Visit Britain, the British tourism organization, is distributing a map of the locations (from the film version and the much-loved 1995 BBC adaptation), and has loaded visitbritain.com with film-related information. Likewise, the East Midlands region, which is home to Lincolnshire, Derbyshire, and the Peak District, where most of P&P was shot, created its own website, visitprideandprejudice.com.

Finally, Austen aficionados won't want to leave England without stopping at two attractions: the Jane Austen Centre, in Bath (011-44/1225-443000, janeausten.co.uk, $10.50), and Jane Austen's House and Museum, in the village of Chawton, a mile from Alton, which is only a half-hour train ride from London (011-44/1420-83262, jane-austens-house-museum.org.uk, $8). The former explores Austen's time in Bath; the latter is the house where she lived from 1809 to 1817--and where she finished Pride & Prejudice.

1. March of the Penguins

It's the year's big success story--and there's a new star on the adventure travel circuit

There was no such thing as a blockbuster documentary before Fahrenheit 9/11 came out in 2004. Now there's another, and it couldn't be more different. French director Luc Jacquet and his crew spent 13 months deep within Antarctica filming March of the Penguins. It has grossed $73 million, and forever anthropomorphized everyone's favorite formally dressed bird.

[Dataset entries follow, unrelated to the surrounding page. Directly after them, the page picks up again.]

(* Let $R$ be a cubiculated region. The tiling space $\mathcal{T}_R$ is flip connected if and only if $I_{R_{tiling}}\subseteq I_{R_{flip}}$.
   Context: A cubiculated region $R$ is a homogeneous cubical complex of dimension $n$ embedded in $\mathbb{R}^N$ ($n\le N$), a union of elementary $n$-cubes. A domino is two elementary $n$-cubes of $R$ sharing an $(n-1)$-face; $\mathcal{D}_R$ is the set of dominoes. A domino tiling $T\subseteq\mathcal{D}_R$ covers every elementary cube exactly once; $\mathcal{T}_R$ is the set of tilings. $G_R$ is the graph with a vertex per elementary cube and an edge between cubes sharing an $(n-1)$-face; dominoes are edges of $G_R$. A move $M=(D_1,D_2)$ (with $D_1,D_2\subseteq\mathcal{D}_R$) takes a tiling $T_1$ to $T_1+M=(T_1\setminus D_1)\cup D_2$. A local flip is a move that replaces two adjacent parallel dominoes (sharing two $(n-1)$-faces) by the two adjacent parallel dominoes covering the same four cubes in the perpendicular direction; equivalently $D_1\cup D_2$ is a $4$-cycle of $G_R$ with $D_1,D_2$ its two pairs of opposite edges. $\mathcal{M}_{flip}$ is the set of all local flips. $\mathcal{T}_R$ is flip connected if for all $T_1,T_2\in\mathcal{T}_R$ there are $M_1,\dots,M_r\in\mathcal{M}_{flip}$ with $T_2=T_1+M_1+\dots+M_r$ and $T_1+M_1+\dots+M_s\in\mathcal{T}_R$ for all $1\le s\le r$. In the polynomial ring $\mathbb{K}[y_e: e\in E(G_R)]$ write $y^{E_0}=\prod_{e\in E_0}y_e$ for $E_0\subseteq E(G_R)$. The flip ideal is $I_{R_{flip}}=\langle y^{D_1}-y^{D_2} : (D_1,D_2)\in\mathcal{M}_{flip}\rangle$ and the tiling ideal is $I_{R_{tiling}}=\langle y^{T_1}-y^{T_2} : T_1,T_2\in\mathcal{T}_R\rangle$. *)

From HB Require Import structures.
From mathcomp Require Import all_boot all_order all_algebra.
From mathcomp Require Import mpoly.
Set Implicit Arguments. Unset Strict Implicit. Unset Printing Implicit Defensive.
Import Order.TTheory GRing.Theory Num.Theory.

(* An elementary cube is the product over coordinates i < N of
   [base i, base i + 1] if i \in dirs, and of the degenerate interval
   [base i, base i] otherwise.  Its dimension is #|dirs|. *)
Definition cube (N : nat) : Type := ({ffun 'I_N -> int} * {set 'I_N})%type.

Definition cube_lo N (c : cube N) (i : 'I_N) : int := c.1 i.
Definition cube_hi N (c : cube N) (i : 'I_N) : int :=
  (c.1 i + ((i \in c.2) : nat)%:Z)%R.
Definition cube_dim N (c : cube N) : nat := #|c.2|.

(* The intersection of two elementary cubes is computed coordinatewise;
   it is nonempty iff every coordinate interval meets, and its dimension is
   the number of coordinates where the intersection is a unit interval. *)
Definition meet_nonempty N (c d : cube N) : bool :=
  [forall i, (Order.max (cube_lo c i) (cube_lo d i)
               <= Order.min (cube_hi c i) (cube_hi d i))%R].
Definition meet_dim N (c d : cube N) : nat :=
  #|[set i | (Order.max (cube_lo c i) (cube_lo d i)
               < Order.min (cube_hi c i) (cube_hi d i))%R]|.

Definition cubiculated (N n : nat) (R : seq (cube N)) : Prop :=
  forall c, c \in R -> cube_dim c = n.

Section Region.
Variables (N n : nat) (R : seq (cube N)).

Definition cubeR : finType := seq_sub R.

Definition share_face (c d : cubeR) : bool :=
  [&& c != d, meet_nonempty (val c) (val d) & (meet_dim (val c) (val d)).+1 == n].

(* edges of G_R (= dominoes): unordered pairs {c,d} sharing an (n-1)-face *)
Definition is_edge (e : {set cubeR}) : bool :=
  [exists c, exists d, share_face c d && (e == [set c; d])].

Definition edgeR : finType := {e : {set cubeR} | is_edge e}.

Definition is_tiling (T : {set edgeR}) : Prop :=
  forall c : cubeR, #|[set e in T | c \in val e]| = 1%N.

Definition move : Type := ({set edgeR} * {set edgeR})%type.
Definition apply_move (T : {set edgeR}) (M : move) : {set edgeR} :=
  (T :\: M.1) :|: M.2.

Definition is_flip (M : move) : Prop :=
  exists a b c d : cubeR,
    [/\ uniq [:: a; b; c; d],
        [/\ share_face a b, share_face b c, share_face c d & share_face d a],
        M.1 = [set e : edgeR | (val e == [set a; b]) || (val e == [set c; d])] &
        M.2 = [set e : edgeR | (val e == [set b; c]) || (val e == [set d; a])]].

Definition flip_connected : Prop :=
  forall T1 T2 : {set edgeR}, is_tiling T1 -> is_tiling T2 ->
    exists Ms : seq move,
      [/\ forall M, M \in Ms -> is_flip M,
          forall s, (1 <= s <= size Ms)%N -> is_tiling (foldl apply_move T1 (take s Ms))
        & foldl apply_move T1 Ms = T2].

Variable K : fieldType.
Definition polyR : Type := {mpoly K[#|edgeR|]}.

Definition yvar (e : edgeR) : polyR := 'X_(enum_rank e).
Definition ymon (E0 : {set edgeR}) : polyR := (\prod_(e in E0) yvar e)%R.

Definition ideal_gen (S : polyR -> Prop) (p : polyR) : Prop :=
  exists gs : seq (polyR * polyR),
    (forall x, x \in gs -> S x.2) /\ p = (\sum_(x <- gs) x.1 * x.2)%R.

Definition flip_gens (p : polyR) : Prop :=
  exists M : move, is_flip M /\ p = (ymon M.1 - ymon M.2)%R.
Definition tiling_gens (p : polyR) : Prop :=
  exists T1 T2 : {set edgeR}, [/\ is_tiling T1, is_tiling T2 & p = (ymon T1 - ymon T2)%R].

Definition I_flip : polyR -> Prop := ideal_gen flip_gens.
Definition I_tiling : polyR -> Prop := ideal_gen tiling_gens.

End Region.

From HB Require Import structures.
From mathcomp Require Import all_boot all_order all_algebra.
From mathcomp Require Import mpoly.
From Stdlib Require Import ClassicalEpsilon.
Set Implicit Arguments. Unset Strict Implicit. Unset Printing Implicit Defensive.
Import GRing.Theory.

(* If the tilings are flip connected, y^T1 - y^T2 telescopes along a flip path: each
   step multiplies a flip binomial by the monomial of the untouched dominoes, once one
   knows that a flip taking a tiling to a tiling either removes both of its dominoes
   or changes nothing.
   Conversely, let S be the set of tilings reachable from T1 and L the linear form
   summing the coefficients of a polynomial at the monomials y^T, T in S.  As S is
   closed under flips in both directions, m * y^D1 is the monomial of a tiling of S
   iff m * y^D2 is, so L kills every multiple of a flip binomial, hence I_flip.  Thus
   if y^T1 - y^T2 lies in I_flip then 0 = L(y^T1 - y^T2) = 1 - [T2 in S]. *)

Lemma disjoint_setDl (T : finType) (A B : {set T}) : [disjoint A :\: B & B].
Proof. by rewrite -setI_eq0 setDE -setIA [~: B :&: B]setIC setICr setI0. Qed.

Lemma setDUK (T : finType) (A B : {set T}) : B \subset A -> (A :\: B) :|: B = A.
Proof.
by move=> sBA; rewrite setDE setUIl [~: B :|: B]setUC setUCr setIT (setUidPl sBA).
Qed.

Section PerfectMatchings.
Variables (V : finType) (P : pred {set V}).
Local Notation E := {s : {set V} | P s}.

Definition cover (D : {set E}) (v : V) : nat := #|[set e in D | v \in val e]|.

Definition perfect_matching (T : {set E}) : Prop := forall v, cover T v = 1.

Lemma coverU (D D' : {set E}) v :
  [disjoint D & D'] -> cover (D :|: D') v = cover D v + cover D' v.
Proof.
move=> dDD'; rewrite /cover -cardsUI !setIdE setIACA (disjoint_setI0 dDD').
by rewrite set0I cards0 addn0 setIUl.
Qed.

Lemma perfect_matching_uniq T v (e f : E) : perfect_matching T ->
  e \in T -> f \in T -> v \in val e -> v \in val f -> e = f.
Proof.
move=> pmT eT fT ve vf; have /eqP/cards1P[g Tg] := pmT v.
have : e \in [set e in T | v \in val e] by rewrite inE eT ve.
have : f \in [set e in T | v \in val e] by rewrite inE fT vf.
by rewrite Tg !inE => /eqP-> /eqP->.
Qed.

Lemma perfect_matching_cover T v : perfect_matching T -> exists2 e, e \in T & v \in val e.
Proof.
move=> pmT; have /eqP/cards1P[g Tg] := pmT v.
have : g \in [set e in T | v \in val e] by rewrite Tg set11.
by rewrite inE => /andP[]; exists g.
Qed.

Hypothesis edge_neq0 : forall e : E, val e != set0.

Lemma perfect_matching_subset_eq (T T' : {set E}) :
  perfect_matching T -> perfect_matching T' -> T \subset T' -> T = T'.
Proof.
move=> pmT pmT' sTT'; apply/eqP; rewrite eqEsubset sTT'; apply/subsetP => e eT'.
have /set0Pn[v ve] := edge_neq0 e; have [f fT vf] := perfect_matching_cover v pmT.
by rewrite (perfect_matching_uniq pmT' eT' (subsetP sTT' _ fT) ve vf).
Qed.

Lemma perfect_matching_exchange (T D1 D2 : {set E}) :
  perfect_matching T -> D1 \subset T -> (forall v, cover D1 v = cover D2 v) ->
  [disjoint T :\: D1 & D2] /\ perfect_matching ((T :\: D1) :|: D2).
Proof.
move=> pmT sD1T coverD12.
have disD2 : [disjoint T :\: D1 & D2].
  rewrite -setI_eq0; apply/set0Pn => -[e]; rewrite !inE => /andP[/andP[eD1 eT] eD2].
  have /set0Pn[v ve] := edge_neq0 e.
  have /card_gt0P[f] : 0 < cover D1 v.
    by rewrite coverD12; apply/card_gt0P; exists e; rewrite inE eD2.
  rewrite inE => /andP[fD1 vf].
  by rewrite (perfect_matching_uniq pmT eT (subsetP sD1T _ fD1) ve vf) fD1 in eD1.
split=> // v.
by rewrite coverU // -coverD12 -coverU ?disjoint_setDl // setDUK.
Qed.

Each year, thousands of emperor penguins abandon the ocean waters and waddle hundreds of miles inland. Once at their breeding ground, they find a partner to monogamously mate with. When the female lays an egg, it's passed to the father, who cares for it (amid 100-mph winds and in temperatures 70 degrees below zero) while the mother makes the brutal walk home, returning two months later with food stored in her belly for her chick. The father, by then starving and cold, heads back to the water and waits to be reunited with the mother and their baby, who follow soon after.

Spotting emperor penguins in person is wildly expensive, since the majority live inside the Antarctic Circle, far from the peninsula where the bulk of tour operators go. "Mating occurs in the most remote and inaccessible place on earth," says Denise Landau, executive director of the International Association of Antarctica Tour Operators. "Plus it happens at the beginning of the Antarctic winter, thereby assuring the penguins' privacy." TravelWild Expeditions' 15-day tour goes to where the emperors are, but it starts at $12,000 per person.

Catching a glimpse of other penguin species is much easier. Canadian outfitter G.A.P Adventures runs a 19-day cruise of the Antarctic Peninsula, South Georgia, and the Falkland Islands, for $6,470 per person (it departs from Ushuaia, Argentina, and the price does not include airfare; 800/708-7761, gapadventures.com). You get a shared triple cabin aboard the 108-passenger Explorer, all meals, visits to scientific research stations, shore excursions, and stunning views of king, chinstrap, and gentoo penguins (as well as seals and orcas and other whales). The next two departures are December 11, 2006, and January 16, 2007.

To see penguins without the bitter cold--and the expense--visit Australia's Phillip Island Nature Park, 75 miles south of Melbourne. The two-hour, ranger-led Ultimate Penguin Tour leaves at sunset with no more than 15 visitors in a group (011-61-3/5951-2800, penguins.org.au, $45). You go to protected Summerland Beach, where the aptly named "little" penguins--at 13 inches tall, they're the smallest of all 17 species (adult emperors are more than four feet tall)--pass in front of you en route to their burrows. Once the sun sets, you watch them with infrared binoculars. You must not touch them, of course, and photography is forbidden. But the photos in the gift shop benefit penguin conservation--and unlike the March of the Penguins crew, you don't have to worry about frostbite.


Note: This story was accurate when it was published. Please be sure to confirm all rates and details directly with the companies in question before planning your trip.